Differences Between Good Debt and Bad Debt

Many people in the U.S. grew up being told that all debt is “bad” and that it should be avoided at all costs. However, you may have also been told that borrowing money for “good” purposes, such as buying a house, is okay. Very few people can likely get through life these days without taking on debt of some kind, so it’s essential to understand the difference between good and bad debt.

What Is Considered to Be Good Debt?

Good debt is still debt. It is money you’re borrowing for a purpose that makes it valuable. That means that good debt is typically money you borrow for something that will increase your total net worth, helps you build wealth, or increase your financial opportunities for the future. Good debt is typically an investment into something that will create a better payoff.
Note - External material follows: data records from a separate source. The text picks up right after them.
(* Let $c>0$, $\theta_k>0$, $T_{\rm TDMA}>0$ and $0<\tau_k^{\max}<T_{\rm TDMA}$ be constants, and let $\varepsilon(\tau)=e^{-c\tau}$. Consider the problem (P6) $$\min_{\tau_k}\ \tau_k-\frac{1}{\theta_k}\log\!\left(1-\varepsilon(\tau_k)e^{\theta_k T_{\rm TDMA}}\right)\quad\text{s.t.}\quad 0\le\tau_k\le\tau_k^{\max}.$$ Then the optimal transmission time is $$\tau_k^{\rm opt}=\min\left(\tau_k^{\max},\ \widetilde\tau_k\right),\qquad\text{where}\qquad \widetilde\tau_k=\frac{1}{c}\log\!\left(1+\frac{c}{\theta_k}\right)+\frac{\theta_k}{c}T_{\rm TDMA}.$$
   Context: Setting: source $k$ in a TDMA system with frame length $T_{\rm TDMA}$ is allocated transmission time $\tau_k$ per frame; a transmission fails with probability $\varepsilon(\tau_k)=e^{-c\tau_k}$, and $\theta_k$ is the AoI exponent. The objective is considered on the set where it is defined, i.e. where $\varepsilon(\tau_k)e^{\theta_k T_{\rm TDMA}}<1$ (the condition for the moment generating function of the peak age to exist). *)

From Stdlib Require Import Reals.
Open Scope R_scope.

Definition eps (c tau : R) : R := exp (- c * tau).

Definition obj (c theta T tau : R) : R :=
  tau - (1 / theta) * ln (1 - eps c tau * exp (theta * T)).

(* Feasible set of (P6), restricted to where the objective is defined
   (eps(tau) e^{theta T} < 1). *)
Definition feasible (c theta T taumax tau : R) : Prop :=
  0 <= tau /\ tau <= taumax /\ eps c tau * exp (theta * T) < 1.

Definition tau_tilde (c theta T : R) : R :=
  (1 / c) * ln (1 + c / theta) + (theta / c) * T.

(* Minimising [obj] amounts to maximising [h = exp (- theta * obj)], which is
   [e^(-theta tau) - e^(theta T) e^(-(theta + c) tau)].  Its derivative
   [theta e^(-theta tau) (e^(c (tau_tilde - tau)) - 1)] changes sign exactly at
   [tau_tilde], so [h] is strictly unimodal with peak [tau_tilde], and its unique
   maximiser on [[0, taumax] ∩ {h > 0}] is [min taumax tau_tilde]. *)
From Stdlib Require Import Reals Lra.
From Coquelicot Require Import Coquelicot.
Open Scope R_scope.

Lemma derive_pos_strict_incr (f f' : R -> R) (a b : R) :
  (forall x, derivable_pt_lim f x (f' x)) -> a < b ->
  (forall x, a < x < b -> 0 < f' x) -> f a < f b.
Proof.
  intros hf hab hpos.
  destruct (MVT_cor2 f f' a b hab (fun x _ => hf x)) as [z [hz hzab]].
  specialize (hpos z hzab). nra.
Qed.

Lemma derive_neg_strict_decr (f f' : R -> R) (a b : R) :
  (forall x, derivable_pt_lim f x (f' x)) -> a < b ->
  (forall x, a < x < b -> f' x < 0) -> f b < f a.
Proof.
  intros hf hab hneg.
  destruct (MVT_cor2 f f' a b hab (fun x _ => hf x)) as [z [hz hzab]].
  specialize (hneg z hzab). nra.
Qed.

Lemma unimodal_argmax_le (g : R -> R) (m hi x : R) :
  (forall a b, a < b <= m -> g a < g b) ->
  (forall a b, m <= a < b -> g b < g a) ->
  x <= hi -> x = Rmin hi m \/ g x < g (Rmin hi m).
Proof.
  intros hincr hdecr hx. unfold Rmin. destruct (Rle_dec hi m) as [him | him].
  - destruct (Req_dec x hi) as [-> | hne]; [now left | right].
    apply hincr; lra.
  - destruct (Rtotal_order x m) as [hxm | [-> | hxm]]; [right | now left | right].
    + apply hincr; lra.
    + apply hdecr; lra.
Qed.

Lemma tau_tilde_pos (c theta T : R) :
  0 < c -> 0 < theta -> 0 <= T -> 0 < tau_tilde c theta T.
Proof.
  intros hc htheta hT. unfold tau_tilde.
  assert (hln : 0 < ln (1 + c / theta)).
  { rewrite <- ln_1. apply ln_increasing; [lra |].
    assert (0 < c / theta) by (apply Rdiv_lt_0_compat; lra). lra. }
  assert (0 < 1 / c) by (apply Rdiv_lt_0_compat; lra).
  assert (0 < theta / c) by (apply Rdiv_lt_0_compat; lra).
  nra.
Qed.

Lemma exp_tau_tilde (c theta T : R) : 0 < c -> 0 < theta ->
  theta * exp (c * tau_tilde c theta T) = (theta + c) * exp (theta * T).
Proof.
  intros hc htheta. unfold tau_tilde.
  replace (c * (1 / c * ln (1 + c / theta) + theta / c * T))
    with (ln (1 + c / theta) + theta * T) by (field; lra).
  rewrite exp_plus, exp_ln.
  - field. lra.
  - assert (0 < c / theta) by (apply Rdiv_lt_0_compat; lra). lra.
Qed.

Definition exp_neg_obj (c theta T tau : R) : R :=
  exp (- theta * tau) - exp (theta * T) * exp (- (theta + c) * tau).

Lemma exp_neg_objE (c theta T tau : R) :
  exp_neg_obj c theta T tau = exp (- theta * tau) * (1 - eps c tau * exp (theta * T)).
Proof.
  unfold exp_neg_obj, eps.
  replace (- (theta + c) * tau) with (- theta * tau + - c * tau) by ring.
  rewrite exp_plus. ring.
Qed.

Lemma exp_neg_obj_pos (c theta T tau : R) :
  0 < exp_neg_obj c theta T tau <-> eps c tau * exp (theta * T) < 1.
Proof.
  rewrite exp_neg_objE. pose proof (exp_pos (- theta * tau)).
  split; intro h; nra.
Qed.

Lemma obj_ln_exp_neg_obj (c theta T tau : R) : 0 < theta ->
  eps c tau * exp (theta * T) < 1 ->
  obj c theta T tau = - (1 / theta) * ln (exp_neg_obj c theta T tau).
Proof.
  intros htheta hdom. unfold obj. rewrite exp_neg_objE, ln_mult, ln_exp.
  - field. lra.
  - apply exp_pos.
  - lra.
Qed.

Lemma obj_lt_of_exp_neg_obj_lt (c theta T a b : R) : 0 < theta ->
  0 < exp_neg_obj c theta T a -> exp_neg_obj c theta T a < exp_neg_obj c theta T b ->
  obj c theta T b < obj c theta T a.
Proof.
  intros htheta ha hab.
  assert (hb : 0 < exp_neg_obj c theta T b) by lra.
  rewrite !obj_ln_exp_neg_obj by (try apply exp_neg_obj_pos; assumption).
  assert (ln (exp_neg_obj c theta T a) < ln (exp_neg_obj c theta T b))
    by (apply ln_increasing; lra).
  assert (0 < 1 / theta) by (apply Rdiv_lt_0_compat; lra).
  nra.
Qed.

Lemma exp_neg_obj_derive (c theta T x : R) : 0 < c -> 0 < theta ->
  derivable_pt_lim (exp_neg_obj c theta T) x
    (theta * exp (- theta * x) * (exp (c * (tau_tilde c theta T - x)) - 1)).
Proof.
  intros hc htheta. apply is_derive_Reals. unfold exp_neg_obj.
  auto_derive; [exact I |].
  replace (c * (tau_tilde c theta T - x)) with (c * tau_tilde c theta T + - c * x) by ring.
  replace (- (theta + c) * x) with (- theta * x + - c * x) by ring.
  rewrite !exp_plus.
  replace (theta * exp (- theta * x) * (exp (c * tau_tilde c theta T) * exp (- c * x) - 1))
    with ((theta * exp (c * tau_tilde c theta T)) * exp (- theta * x) * exp (- c * x)
          - theta * exp (- theta * x)) by ring.
  rewrite exp_tau_tilde by assumption. ring.
Qed.

Lemma exp_neg_obj_strict_incr (c theta T a b : R) : 0 < c -> 0 < theta ->
  a < b <= tau_tilde c theta T -> exp_neg_obj c theta T a < exp_neg_obj c theta T b.
Proof.
  intros hc htheta [hab hb].
  apply (derive_pos_strict_incr _ _ a b (fun x => exp_neg_obj_derive c theta T x hc htheta) hab).
  intros x hx.
  assert (1 < exp (c * (tau_tilde c theta T - x))).
  { rewrite <- exp_0. apply exp_increasing. nra. }
  pose proof (exp_pos (- theta * x)).
  apply Rmult_lt_0_compat; [apply Rmult_lt_0_compat |]; lra.
Qed.

Lemma exp_neg_obj_strict_decr (c theta T a b : R) : 0 < c -> 0 < theta ->
  tau_tilde c theta T <= a < b -> exp_neg_obj c theta T b < exp_neg_obj c theta T a.
Proof.
  intros hc htheta [ha hab].
  apply (derive_neg_strict_decr _ _ a b (fun x => exp_neg_obj_derive c theta T x hc htheta) hab).
  intros x hx.
  assert (exp (c * (tau_tilde c theta T - x)) < 1).
  { rewrite <- exp_0. apply exp_increasing. nra. }
  pose proof (exp_pos (- theta * x)).
  assert (0 < theta * exp (- theta * x)) by (apply Rmult_lt_0_compat; lra).
  nra.
Qed.

Theorem theorem2 (c theta T taumax : R)
  (hc : 0 < c) (htheta : 0 < theta) (hT : 0 < T)
  (htmax0 : 0 < taumax) (htmaxT : taumax < T)
  (hnonempty : eps c taumax * exp (theta * T) < 1) :
  let tauopt := Rmin taumax (tau_tilde c theta T) in
  feasible c theta T taumax tauopt /\
  (forall tau, feasible c theta T taumax tau ->
     obj c theta T tauopt <= obj c theta T tau) /\
  (forall tau, feasible c theta T taumax tau ->
     obj c theta T tau <= obj c theta T tauopt -> tau = tauopt).
Proof.
  intros tauopt.
  assert (hpeak : forall tau, tau <= taumax ->
            tau = tauopt \/ exp_neg_obj c theta T tau < exp_neg_obj c theta T tauopt).
  { intros tau. apply unimodal_argmax_le.
    - intros a b. now apply exp_neg_obj_strict_incr.
    - intros a b. now apply exp_neg_obj_strict_decr. }
  assert (hopt : 0 < exp_neg_obj c theta T tauopt).
  { apply exp_neg_obj_pos in hnonempty.
    destruct (hpeak taumax (Rle_refl _)) as [<- | hlt]; lra. }
  assert (hfeas : feasible c theta T taumax tauopt).
  { pose proof (tau_tilde_pos c theta T hc htheta (Rlt_le _ _ hT)).
    split; [apply Rmin_glb; lra |].
    split; [apply Rmin_l | now apply exp_neg_obj_pos]. }
  split; [exact hfeas | split].
  - intros tau [_ [hle hdom]].
    destruct (hpeak tau hle) as [-> | hlt]; [lra |].
    apply Rlt_le, obj_lt_of_exp_neg_obj_lt; [assumption | now apply exp_neg_obj_pos | assumption].
  - intros tau [_ [hle hdom]] hobj.
    destruct (hpeak tau hle) as [-> | hlt]; [reflexivity | exfalso].
    apply exp_neg_obj_pos in hdom.
    pose proof (obj_lt_of_exp_neg_obj_lt c theta T tau tauopt htheta hdom hlt). lra.
Qed.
If you’re trying to determine whether your borrowing is a good debt, then you may want to consider calculating the potential return for your investment. For example, if you are borrowing money to go to school, it might be a good debt if it improves your ability to make more money for the rest of your life. You can calculate the potential versus what you would make without the degree and see if that education’s cost is worth it.

Examples of Good Debt

Good debts could come from a variety of sources. Here are some examples of the most popular types of debt that many consider being good debt:

  • Mortgage on a house
  • Loan to go to college
  • Loan to buy a business
  • Operating loan for your business
  • Loan to invest in real estate

This isn’t an all-inclusive list, but these are all investments that create a higher potential payout down the road when you sell that asset or help you make more money. Some consider an auto loan a good debt because many people need a car to get to work, but that’s typically a misnomer as it is considered a bad debt.
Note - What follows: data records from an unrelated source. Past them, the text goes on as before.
Lemma Jsum_dirac_above e x s c : 0 < e < 1 -> e <= x <= 1 ->
  Jsum (Fd e) v1 v2 ell (fun _ => x) s c =
  Fin (v2 * INR (count_lab theta2 ell s c) * / (1 - e)).
Proof.
  intros He Hx. rewrite Jsum_const, Crho_theta1_dirac, Crho_theta2_dirac by lra.
  destruct (Rlt_dec x e); [lra|]. destruct (Rle_dec e x); [|lra].
  cbn [escale]. rewrite !emult_fin. cbn [eadd]. f_equal. ring.
Qed.

End PointMassObjective.
(** ** Necessity: what a constant optimal solution reveals *)

Section Necessity.

Variables (ell : nat -> label) (v1 v2 : R).
Hypotheses (Hv1 : 0 < v1) (Hv2 : 0 < v2).

(** The value of a constant optimal solution is at most r_{lo,hi}:
    otherwise the zero solution wins against a point mass between them. *)
Lemma optimal_constant_le_rval lo hi p : (lo <= hi)%nat ->
  optimal ell v1 v2 lo hi p -> constant_sol lo hi p -> p lo <= rval ell v1 v2 lo hi.
Proof.
  intros Hlh [[Hrange _] Hopt] Hconst.
  set (rho := rval ell v1 v2 lo hi). set (cnt := (S hi - lo)%nat).
  destruct (Rle_lt_dec (p lo) rho) as [|Hlt]; [assumption|exfalso].
  pose proof (rval_range ell v1 v2 Hv1 Hv2 lo hi Hlh) as Hrho. fold rho in Hrho.
  assert (Hc : 0 <= p lo <= 1) by (apply Hrange; lia).
  set (e := (rho + p lo) / 2).
  assert (He : 0 < e < 1) by (unfold e; lra).
  assert (Hzero : feasible lo hi (fun _ => 0)) by (split; intros; lra).
  pose proof (Hopt (Fd e) (Fd_cdf e He) (fun _ => 0) Hzero) as H.
  unfold J in H. fold cnt in H.
  rewrite (Jsum_ext ell v1 v2 (Fd e) p (fun _ => p lo)) in H
    by (intros t Ht; apply Hconst; unfold cnt in Ht; lia).
  rewrite Jsum_dirac_above, Jsum_dirac_below in H by (unfold e; lra). cbn [ele] in H.
  rewrite cross_mult_le in H by lra.
  assert (Hexc : 0 <= excess ell v1 v2 e lo cnt) by (unfold excess; lra).
  pose proof (rval_excess ell v1 v2 Hv1 Hv2 lo hi Hlh) as E0. fold rho cnt in E0.
  rewrite (excess_shift ell v1 v2 rho e), E0 in Hexc.
  pose proof (wtotal_pos ell v1 v2 Hv1 Hv2 lo cnt ltac:(unfold cnt; lia)).
  assert (0 < (e - rho) * wtotal ell v1 v2 lo cnt) by (apply Rmult_lt_0_compat; unfold e; lra).
  lra.
Qed.

(** Testing against the solution that is 0 before lo+a and 1 from lo+a on,
    with a point mass at any e > r_{lo,hi}, shows that every suffix has
    excess <= 0 at level e. *)
Lemma optimal_constant_suffix_above lo hi p a e : (lo <= hi)%nat ->
  optimal ell v1 v2 lo hi p -> constant_sol lo hi p -> (a <= S hi - lo)%nat ->
  rval ell v1 v2 lo hi < e < 1 ->
  excess ell v1 v2 e (lo + a) (S hi - lo - a) <= 0.
Proof.
  intros Hlh Hopt Hconst Ha He.
  pose proof (optimal_constant_le_rval lo hi p Hlh Hopt Hconst) as Hc.
  pose proof (rval_range ell v1 v2 Hv1 Hv2 lo hi Hlh) as Hrho.
  destruct Hopt as [[Hrange _] Hopt].
  assert (Hc0 : 0 <= p lo) by (apply Hrange; lia).
  set (cnt := (S hi - lo)%nat) in *.
  set (q := fun t => if Nat.ltb t (lo + a) then 0 else 1).
  assert (Hq : feasible lo hi q).
  { split; intros t; unfold q.
    - destruct (Nat.ltb t (lo + a)); lra.
    - intros H1 H2. destruct (Nat.ltb_spec t (lo + a)), (Nat.ltb_spec (S t) (lo + a));
        lra || lia. }
  pose proof (Hopt (Fd e) (Fd_cdf e ltac:(lra)) q Hq) as H.
  unfold J in H. fold cnt in H.
  rewrite (Jsum_ext ell v1 v2 (Fd e) p (fun _ => p lo)) in H
    by (intros t Ht; apply Hconst; unfold cnt in Ht; lia).
  replace cnt with (a + (cnt - a))%nat in H at 2 by lia.
  rewrite Jsum_split in H.
  rewrite (Jsum_ext ell v1 v2 (Fd e) q (fun _ => 0) lo a),
    (Jsum_ext ell v1 v2 (Fd e) q (fun _ => 1) (lo + a) (cnt - a)) in H
    by (intros t Ht; unfold q; destruct (Nat.ltb_spec t (lo + a)); auto; lia).
  rewrite Jsum_dirac_below, Jsum_dirac_below, Jsum_dirac_above in H by lra. cbn [ele eadd] in H.
  replace cnt with (a + (cnt - a))%nat in H at 1 by lia.
  rewrite count_split, plus_INR in H.
  assert (Hsuf : v1 * INR (count_lab theta1 ell (lo + a) (cnt - a)) * / e
                 <= v2 * INR (count_lab theta2 ell (lo + a) (cnt - a)) * / (1 - e)) by lra.
  rewrite cross_mult_le in Hsuf by lra. unfold excess. lra.
Qed.

(** Letting e decrease to r_{lo,hi}: every suffix of a block with a
    constant optimal solution has frequency at most r_{lo,hi}. *)
Lemma optimal_constant_suffix lo hi p a : (lo <= hi)%nat ->
  optimal ell v1 v2 lo hi p -> constant_sol lo hi p -> (a <= S hi - lo)%nat ->
  excess ell v1 v2 (rval ell v1 v2 lo hi) (lo + a) (S hi - lo - a) <= 0.
Proof.
  intros Hlh Hopt Hconst Ha.
  set (s := (lo + a)%nat). set (c := (S hi - lo - a)%nat).
  set (M := INR (count_lab theta1 ell s c)). set (N := INR (count_lab theta2 ell s c)).
  assert (Eaff : forall r, excess ell v1 v2 r s c = v1 * M + - (v1 * M + v2 * N) * r)
    by (intros; unfold excess; fold M N; ring).
  destruct (rval_range ell v1 v2 Hv1 Hv2 lo hi Hlh) as [H0 H1].
  destruct (Rle_lt_or_eq_dec _ _ H1) as [Hlt|Heq].
  - rewrite Eaff. apply affine_nonpos_right with 1; [exact Hlt|].
    intros e He. rewrite <- Eaff. apply optimal_constant_suffix_above with p; auto.
  - rewrite Heq. unfold excess. fold M N.
    assert (0 <= N) by apply pos_INR. nra.
Qed.

End Necessity.

(** ** Pooling two adjacent blocks *)

Section Pooling.

Variables (ell : nat -> label) (v1 v2 : R) (i k j : nat).
Hypotheses (Hv1 : 0 < v1) (Hv2 : 0 < v2) (Hik : (i <= k)%nat) (Hkj : (k < j)%nat).

Let rA := rval ell v1 v2 i k.
Let rB := rval ell v1 v2 (S k) j.
Let r := rval ell v1 v2 i j.

(** The pooled level is a weighted mean of the two block levels. *)
Lemma pooled_between : rB <= rA -> rB <= r <= rA.
Proof.
  intros HAB.
  pose proof (rval_excess ell v1 v2 Hv1 Hv2 i k Hik) as EA.
  pose proof (rval_excess ell v1 v2 Hv1 Hv2 (S k) j Hkj) as EB.
  pose proof (rval_excess ell v1 v2 Hv1 Hv2 i j ltac:(lia)) as E.
  replace (S j - i)%nat with ((S k - i) + (S j - S k))%nat in E by lia.
  rewrite excess_split in E. replace (i + (S k - i))%nat with (S k) in E by lia.
  rewrite (excess_shift ell v1 v2 rA r), (excess_shift ell v1 v2 rB r (S k)) in E.
  fold rA rB r in EA, EB, E. rewrite EA, EB in E.
  pose proof (wtotal_pos ell v1 v2 Hv1 Hv2 i (S k - i) ltac:(lia)).
  pose proof (wtotal_pos ell v1 v2 Hv1 Hv2 (S k) (S j - S k) ltac:(lia)).
  split; nra.
Qed.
What Is Considered to Be Bad Debt?

A bad debt is money you borrow that leads to more financial problems or obstacles for you in the future. High-interest consumer debt is considered bad debt because you’re not borrowing anything that will benefit you financially. Bad debt also typically funds depreciating assets and isn’t considered a strong investment.

Bad debt often leads to financial struggles as you borrow money for things you can’t afford and end up struggling to make payments on that debt. This can lead to a cycle of paying large amounts of interest on your purchases, making things much more expensive than they should be.

Examples of Bad Debt

Here are some examples of what many people consider to be bad debt:

  • Consumer debt, such as department store cards
  • Using credit cards for things you cannot afford
  • Auto loans
  • Borrowing more money than you can afford to pay
  • Student loans for a degree that won’t help you earn more money

It’s important to note that the type of purchases you make when borrowing money is only one consideration of whether it is a good or bad debt. If you can’t afford to make the payments on what you’re borrowing, it’s a bad debt because it will hurt you financially. This is why it’s essential to ensure that any amount you’re borrowing still leaves you with a low debt-to-income ratio.

Considerations Before Taking on Debt

Before you decide to take on any debt, there are certain steps you should take to help you determine if it’s a good or bad debt opportunity. Each one will help you get your hands around your finances better and improve your overall decision-making so that your money doesn’t come back to hurt you in the future. Here are the things you may want to consider.

  • Potential Return on Investment (ROI): What will the return on your investment be? For example, when you buy real estate, the chances of the return being higher than what you pay is pretty good.
  • Affordability: Can you afford to make the payments in a way that will actually pay the debt off instead of just making interest payments?
  • Personal Need: Do you need what you are purchasing to put yourself in a better financial position?
  • Time to Payoff: Before taking on debt, you should know how long it will take to pay off that debt.
  • Access to Other Money: Is there any other way to pay for your purchase? For example, if you’re borrowing money for school, then what can you do to lower the total amount of debt you must take out?

Overall, no decision to take on debt should be made lightly. Make sure you exhaust all avenues of finding money before taking on debt and then do what you can to limit the amount you’ll need to borrow.

How to Get Out of Bad Debt

If you’ve already taken on bad debt, the most important thing to do before borrowing for anything else is to pay off that debt. Bad debts can cripple your finances and damage your credit if you cannot make the payments. It’s important to take action and be disciplined with your finances to pay off the debts as soon as possible.

If you have a bad debt, you’ll want to pay as much as you can to budget on that debt until it is paid off. Making only interest payments won’t get you out of debt when you borrow on credit cards or any other consumer debts. Calculating how much you owe and how quickly you may be able to pay off that debt should be priority number one. If you don’t make enough to pay off the debt, consider finding additional income.

If you have multiple debts, consider how debt consolidation can make it easier. Making a single payment every month is much easier to manage and might help you pay off those debts faster.

Bottom Line

For a debt to be considered a “good” one, you’ll need to borrow to see a future return. However, no debt should be taken lightly. Every single type of debt has the potential to turn into bad debt if you can’t afford it when you decide to borrow. It’s important to know what you’re getting into and understand how you will pay off any debt before deciding to move forward.